A Primer on WMD
Limiting Use of WMD
 

Limiting the Acquisition and Use of Biological Weapons
by Strengthening the BWC

 
 
Produced by the Monterey Institute's Center for Nonproliferation Studies

Source: U.S. ArmyIssue. The 1972 Biological and Toxin Weapons Convention (BWC) prohibits the development, production, possession, stockpiling, and transfer of biological weapons (BW). It complements the Geneva Protocol banning the use of chemical and biological weapons in war. The BWC has a fundamental weakness, however: it lacks a formal inspection system to ensure that the treaty's 144 member-states are complying with their obligations. Instead, Article VI of the BWC offers only the ineffective option of appealing to the United Nations Security Council in cases of suspected noncompliance.

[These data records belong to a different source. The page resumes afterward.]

(* Assume $CA_2$. Then ccc is not productive: there are partial orders $\mathbb P$ and $\mathbb Q$, each satisfying the countable chain condition, such that $\mathbb P\times\mathbb Q$ does not satisfy the countable chain condition.
   Context: A type is a sequence $\tau=\{(m_k,n_{k+1},r_{k+1})\}_{k\in\omega}$ of natural numbers with $m_0=1$; $n_k\ge2$ for $k\ge1$; every $r\in\omega$ equals $r_k$ for infinitely many $k$; $m_k>r_{k+1}$; and $m_{k+1}=r_{k+1}+(m_k-r_{k+1})n_{k+1}$ for all $k$. For a set of ordinals $X$ and $\mathcal F\subseteq[X]^{<\omega}$, $\mathcal F_k$ is the set of elements of rank $k$ in $(\mathcal F,\subsetneq)$; $A\sqsubseteq B$ means $A\subseteq B$ and every element of $B$ below an element of $A$ is in $A$; $A<B$ means every element of $A$ is below every element of $B$. $\mathcal F$ is a construction scheme over $X$ of type $\tau$ if (1) every finite subset of $X$ lies in a member of $\mathcal F$; (2) $|F|=m_k$ for $F\in\mathcal F_k$; (3) $E\cap F\sqsubseteq E,F$ for $E,F\in\mathcal F_k$; (4) each $F\in\mathcal F_{k+1}$ is the union of uniquely determined $F_0,\dots,F_{n_{k+1}-1}\in\mathcal F_k$ forming a $\Delta$-system with root $R(F)$, $|R(F)|=r_{k+1}$, $R(F)<F_0\setminus R(F)<\dots<F_{n_{k+1}-1}\setminus R(F)$. For a construction scheme $\mathcal F$ over $\omega_1$, $l\ge1$, $F\in\mathcal F_l$ and finite $\mathcal C\subseteq[\omega_1]^{<\omega}$: $F$ captures $\mathcal C$ if $|\mathcal C|\le n_l$ and $\mathcal C$ can be enumerated as $\{c_i\}_{i<|\mathcal C|}$ with $c_i\subseteq F_i$, $c_i\setminus R(F)\neq\emptyset$ and $\phi_i[c_0]=c_i$ where $\phi_i:F_0\to F_i$ is the increasing bijection. $\mathcal F$ is $n$-capturing if for every uncountable $S\subseteq[\omega_1]^{<\omega}$ and every $k\in\omega$ there are $\mathcal C\in[S]^n$, $l>k$ and $F\in\mathcal F_l$ capturing $\mathcal C$. $CA_n$ is the statement: for every type $\tau$ with $n\le n_k$ for all $k\ge1$ there is an $n$-capturing construction scheme over $\omega_1$ of type $\tau$. *)

From HB Require Import structures.
From mathcomp Require Import all_boot all_order.
From mathcomp Require Import boolp classical_sets cardinality.

Set Implicit Arguments.
Unset Strict Implicit.
Unset Printing Implicit Defensive.

Local Open Scope classical_set_scope.
Local Open Scope card_scope.

(* omega_1, given up to isomorphism: a well-founded strict total order  *)
Definition is_omega1 (W : Type) (lt : W -> W -> Prop) : Prop :=
  [/\ (forall x, ~ lt x x),
      (forall x y z, lt x y -> lt y z -> lt x z),
      (forall x y, [\/ lt x y, x = y | lt y x]),
      well_founded lt
    & (~ countable [set: W] /\ forall x, countable [set y | lt y x])].

(* Types tau = {(m_k, n_{k+1}, r_{k+1})}_k ; n 0 and r 0 are unused.   *)
Definition is_type (m n r : nat -> nat) : Prop :=
  [/\ m 0 = 1,
      (forall k, 1 <= k -> 2 <= n k),
      (forall x N, exists k, N < k /\ r k = x),
      (forall k, r k.+1 < m k)
    & (forall k, m k.+1 = r k.+1 + (m k - r k.+1) * n k.+1)].

Section Schemes.
Variables (W : Type) (lt : W -> W -> Prop).

Definition set_lt (A B : set W) : Prop :=
  forall a b, A a -> B b -> lt a b.

Definition init_seg (A B : set W) : Prop :=
  A `<=` B /\ (forall x y, B x -> A y -> lt x y -> A x).

Fixpoint has_height (Fam : set (set W)) (k : nat) (F : set W) : Prop :=
  match k with
  | 0 => Fam F
  | k'.+1 => Fam F /\ exists E, [/\ Fam E, E `<` F & has_height Fam k' E]
  end.

(* rank of F in the (well-founded, since all members are finite)
   poset (Fam, proper inclusion): length of the longest descending chain *)
Definition rank_is (Fam : set (set W)) (k : nat) (F : set W) : Prop :=
  has_height Fam k F /\ ~ has_height Fam k.+1 F.

Definition level (Fam : set (set W)) (k : nat) : set (set W) :=
  [set F | rank_is Fam k F].

Definition decomp (Fam : set (set W)) (n r : nat -> nat) (l : nat)
    (F : set W) (Fs : nat -> set W) (R : set W) : Prop :=
  [/\ (forall i, i < n l -> level Fam l.-1 (Fs i)),
      F = \bigcup_(i < n l) Fs i,
      (forall i j, i < j -> j < n l -> Fs i `&` Fs j = R),
      R #= `I_(r l)
    & (set_lt R (Fs 0 `\` R) /\
       forall i, i.+1 < n l -> set_lt (Fs i `\` R) (Fs i.+1 `\` R ))].

Definition construction_scheme (Fam : set (set W)) (m n r : nat -> nat)
    : Prop :=
  [/\ (forall F, Fam F -> finite_set F),
      (forall A, finite_set A -> exists2 F, Fam F & A `<=` F),
      (forall k F, level Fam k F -> F #= `I_(m k)),
      (forall k E F, level Fam k E -> level Fam k F ->
                   init_seg (E `&` F) E /\ init_seg (E `&` F) F)
    & (forall k F, level Fam k.+1 F ->
                   (exists Fs R, decomp Fam n r k.+1 F Fs R) /\
                   (forall Fs R Gs R', decomp Fam n r k.+1 F Fs R ->
                      decomp Fam n r k.+1 F Gs R' ->
                      forall i, i < n k.+1 -> Fs i = Gs i))].

Definition incr_bij (phi : W -> W) (A B : set W) : Prop :=
  [/\ (forall x, A x -> B (phi x)),
      (forall y, B y -> exists2 x, A x & phi x = y)
    & (forall x y, A x -> A y -> lt x y -> lt (phi x) (phi y))].

Definition captures (Fam : set (set W)) (n r : nat -> nat) (l : nat)
    (F : set W) (C : set (set W)) : Prop :=
  exists p, p <= n l /\
  exists c : nat -> set W,
    [/\ (forall i j, i < p -> j < p -> c i = c j -> i = j),
        C = c @` `I_p
      & exists Fs R, decomp Fam n r l F Fs R /\
          forall i, i < p ->
            [/\ c i `<=` Fs i,
                c i `\` R !=set0
              & exists2 phi, incr_bij phi (Fs 0) (Fs i) & phi @` c 0 = c i]].

Definition n_capturing (Fam : set (set W)) (n r : nat -> nat) (q : nat)
    : Prop :=
  forall S : set (set W), (forall s, S s -> finite_set s) -> ~ countable S ->
  forall k, exists C : set (set W),
    [/\ C `<=` S, C #= `I_q &
        exists l, k < l /\ exists2 F, level Fam l F & captures Fam n r l F C].

End Schemes.

Definition CA (W : Type) (lt : W -> W -> Prop) (q : nat) : Prop :=
  forall m n r : nat -> nat, is_type m n r ->
    (forall k, 1 <= k -> q <= n k) ->
    exists Fam : set (set W),
      construction_scheme lt Fam m n r /\ n_capturing lt Fam n r q.

Definition partial_order (P : Type) (le : P -> P -> Prop) : Prop :=
  [/\ (forall p, le p p),
      (forall p q, le p q -> le q p -> p = q)
    & (forall p q s, le p q -> le q s -> le p s)].

Definition compatible (P : Type) (le : P -> P -> Prop) (p q : P) : Prop :=
  exists s, le s p /\ le s q.

Definition antichain (P : Type) (le : P -> P -> Prop) (A : set P) : Prop :=
  forall p q, A p -> A q -> p <> q -> ~ compatible le p q.

Definition ccc (P : Type) (le : P -> P -> Prop) : Prop :=
  forall A : set P, antichain le A -> countable A.

Definition prod_le (P Q : Type) (leP : P -> P -> Prop) (leQ : Q -> Q -> Prop)
    (x y : P * Q) : Prop :=
  leP x.1 y.1 /\ leQ x.2 y.2.

From HB Require Import structures.
From mathcomp Require Import all_boot all_order finmap.
From mathcomp Require Import boolp classical_sets cardinality.
From mathcomp Require Import zify.

(* A pair a < c of countable ordinals is split by the decomposition of some F
   in Fam_(k+1), with a in F_0 and c in F_1 outside the root; the level k is
   unique and so is the increasing bijection phi : F_0 -> F_1 at that level.
   Colour the pair by whether phi a lies below or above c, and let P_b be the
   finite b-homogeneous sets ordered by reverse inclusion. Since no pair gets
   both colours, the pairs ({a}, {a}) form an uncountable antichain in
   P_true x P_false. For the ccc of P_b, refine an uncountable family to a
   Delta-system, attach to each member x a member x' whose new part lies above
   x, and capture two of the unions x0 u x0', x1 u x1'. The capturing map sends
   x0 onto x1 and x0' onto x1'; for a in x0 and a new element c = phi a' of x1'
   we have a < a', hence phi a < c, so x0 u x1' is true-homogeneous, and
   symmetrically x0' u x1 is false-homogeneous. *)

Set Implicit Arguments.
Unset Strict Implicit.
Unset Printing Implicit Defensive.

Local Open Scope classical_set_scope.
Local Open Scope card_scope.

Section Countable.
Variable T : Type.
Implicit Types A B : set T.

Lemma countable_setU A B : countable A -> countable B -> countable (A `|` B).
Proof.
move=> cA cB.
have -> : A `|` B = \bigcup_(b in [set: bool]) (if b then A else B).
  apply/seteqP; split=> [x [] ?|x [] [] _ ?];
  by [exists true | exists false | left | right].
by apply: bigcup_countable => [|[]]; first exact: countableP.
Qed.

Lemma uncountable_setD A B : ~ countable A -> countable B -> ~ countable (A `\` B).
Proof.
move=> nA cB cAB; apply: nA; apply: sub_countable (countable_setU cAB cB).
by apply: subset_card_le => x Ax; have [Bx|nBx] := pselect (B x); [right|left].
Qed.

Lemma uncountable_neq0 A : ~ countable A -> A !=set0.
Proof. by move=> nA; apply/set0P/negP => /eqP A0; apply: nA; rewrite A0 countable0. Qed.

Lemma countable_image (U : Type) (f : T -> U) A : countable A -> countable (f @` A).
Proof. by move=> cA; apply: sub_countable cA; apply: card_image_le. Qed.

Lemma uncountable_image (U : Type) (f : T -> U) A :
  (forall x y, A x -> A y -> f x = f y -> x = y) ->
  ~ countable A -> ~ countable (f @` A).
Proof.
move=> injf nA cfA; apply: nA.
have fAA : f @` A #= A.
  by apply: inj_card_eq => x y /set_mem Ax /set_mem Ay; apply: injf.
by rewrite -(eq_countable fAA).
Qed.

Lemma uncountable_fiber A (f : T -> nat) :
  ~ countable A -> exists N, ~ countable [set x | A x /\ f x = N].
Proof.
move=> nA; apply: contrapT => /forallNP cf; apply: nA.
apply: sub_countable (@bigcup_countable _ _ [set: nat]
  (fun N => [set x | A x /\ f x = N]) (countableP _) (fun N _ => contrapT (cf N))).
by apply: subset_card_le => x Ax; exists (f x).
Qed.

Lemma uncountable_image_supset (f : set T -> set T) (A : set (set T)) :
  (forall x, A x -> x `<=` f x /\ finite_set (f x)) ->
  ~ countable A -> ~ countable (f @` A).
Proof.
move=> hf nA cV; apply: nA.
pose sub_fin (u : set T) := [set z | z `<=` u /\ finite_set z].
have : countable (\bigcup_(u in f @` A) sub_fin u).
  apply: bigcup_countable cV _ => _ [x /hf[_ fin] <-].
  exact/countable_finite_subset/finite_set_countable.
apply: sub_countable; apply: subset_card_le => x Ax; have [xf fin] := hf x Ax.
by exists (f x); [exists x | split=> //; apply: sub_finite_set fin].
Qed.

End Countable.

(* [fset_set A] is empty when [A] is infinite, so [fcard] is only meaningful on
   finite sets. *)
Definition fcard {T : choiceType} (A : set T) := #|` fset_set A|%fset.

Section FiniteCard.
Variable T : choiceType.
Implicit Types A B : set T.

Lemma fcard_eq0 A : finite_set A -> fcard A = 0 -> A = set0.
Proof. by move=> fA /cardfs0_eq; apply: fset_set_set0. Qed.

Lemma fcard_neq0 A N : fcard A = N.+1 -> A !=set0.
Proof.
by move=> cA; apply/set0P/negP => /eqP A0; move: cA; rewrite A0 /fcard fset_set0.
Qed.

Lemma fcardD1 A a : finite_set A -> A a -> fcard (A `\ a) = (fcard A).-1.
Proof.
move=> fA Aa; rewrite /fcard fset_setD1 // [in RHS](cardfsD1 a).
by rewrite in_fset_set // (mem_set Aa).
Qed.

Lemma fcard_image (U : choiceType) (f : T -> U) A : finite_set A ->
  (forall x y, A x -> A y -> f x = f y -> x = y) -> fcard (f @` A) = fcard A.
Proof.
move=> fA injf; rewrite /fcard fset_set_image // card_in_imfset //.
by move=> x y; rewrite !in_fset_set // !inE; apply: injf.
Qed.

Lemma subset_fcard_eq A B : finite_set B -> A `<=` B -> fcard B <= fcard A -> A = B.
Proof.
move=> fB AB BA; have fA := sub_finite_set AB fB.
have sAB : (fset_set A `<=` fset_set B)%fset by rewrite -fset_set_sub.
apply: fset_set_inj => //; apply/eqP.
by rewrite -(fsubset_leqif_cards sAB).2 eqn_leq (fsubset_leq_card sAB) BA.
Qed.

End FiniteCard.

Section DeltaSystem.
Variable T : choiceType.

Definition delta (S : set (set T)) (D : set T) :=
  forall x y, S x -> S y -> x <> y -> x `&` y = D.

Lemma delta_setD1 (S S' : set (set T)) D a :
  (forall x, S x -> x a /\ S' (x `\ a)) -> delta S' D -> delta S (D `|` [set a]).
Proof.
move=> hS dS' x y Sx Sy xy.
have [xa S'x] := hS x Sx; have [ya S'y] := hS y Sy.
have xy' : x `\ a <> y `\ a.
  by move=> e; apply: xy; rewrite -(setD1K xa) -(setD1K ya) e.
rewrite -(dS' _ _ S'x S'y xy'); apply/seteqP; split=> z.
  by move=> [xz yz]; have [->|za] := pselect (z = a); [right | left].
by case=> [[[xz _] [yz _]]|->].
Qed.

Lemma disjoint_subfamily (S : set (set T)) :
  (forall x, S x -> finite_set x /\ x !=set0) ->
  (forall a, countable [set x | S x /\ x a]) -> ~ countable S ->
  exists2 S', S' `<=` S & ~ countable S' /\ delta S' set0.
Proof.
move=> hS cS nS.
pose P M := M `<=` S /\ delta M set0.
have [M [[MS dM] Mmax]] : exists M, P M /\ forall M', M `<` M' -> ~ P M'.
  apply: Zorn_bigcup => C CP Ctot; split=> [x [X /CP[XS _] /XS //]|].
  move=> x y [X CX Xx] [Y CY Yy] xy.
  have [XY|YX] := Ctot X Y CX CY.
    by have [_ d] := CP Y CY; apply: d => //; apply: XY.
  by have [_ d] := CP X CX; apply: d => //; apply: YX.
exists M => //; split=> // cM.
have cB : countable (\bigcup_(a in \bigcup_(x in M) x) [set x | S x /\ x a]).
  apply: bigcup_countable => [|a _]; last exact: cS.
  apply: bigcup_countable cM _ => x /MS /hS[fx _].
  exact: finite_set_countable.
have [x [Sx nBx]] := uncountable_neq0 (uncountable_setD nS cB).
have disj m : M m -> x `&` m = set0.
  move=> Mm; apply/seteqP; split=> // z [xz mz]; apply: nBx.
  by exists z; [exists m|].
apply: (Mmax (M `|` [set x])).
  split=> [m Mm|]; first by left.
  move=> /(_ x (or_intror erefl)) Mx; have [_ [z xz]] := hS x Sx.
  by apply: nBx; exists z; [exists x|].
split=> [m [/MS|->] //|].
move=> y z [My|->] [Mz|->] yz; [exact: dM|rewrite setIC; exact: disj|exact: disj|by []].
Qed.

Since the BWC entered into force over 25 years ago, the number of countries possessing or actively pursuing BW has more than doubled, from five to roughly a dozen today, including some member-states of the Convention. The spread of these weapons has increased the risk that they will be used or will fall into the hands of terrorists. Even if BW agents are not employed deliberately, they could escape from a clandestine production plant and cause a deadly epidemic in the civilian population. In 1979, for example, anthrax bacteria leaked from a BW plant in the Soviet city of Sverdlovsk, triggering a serious outbreak of the disease.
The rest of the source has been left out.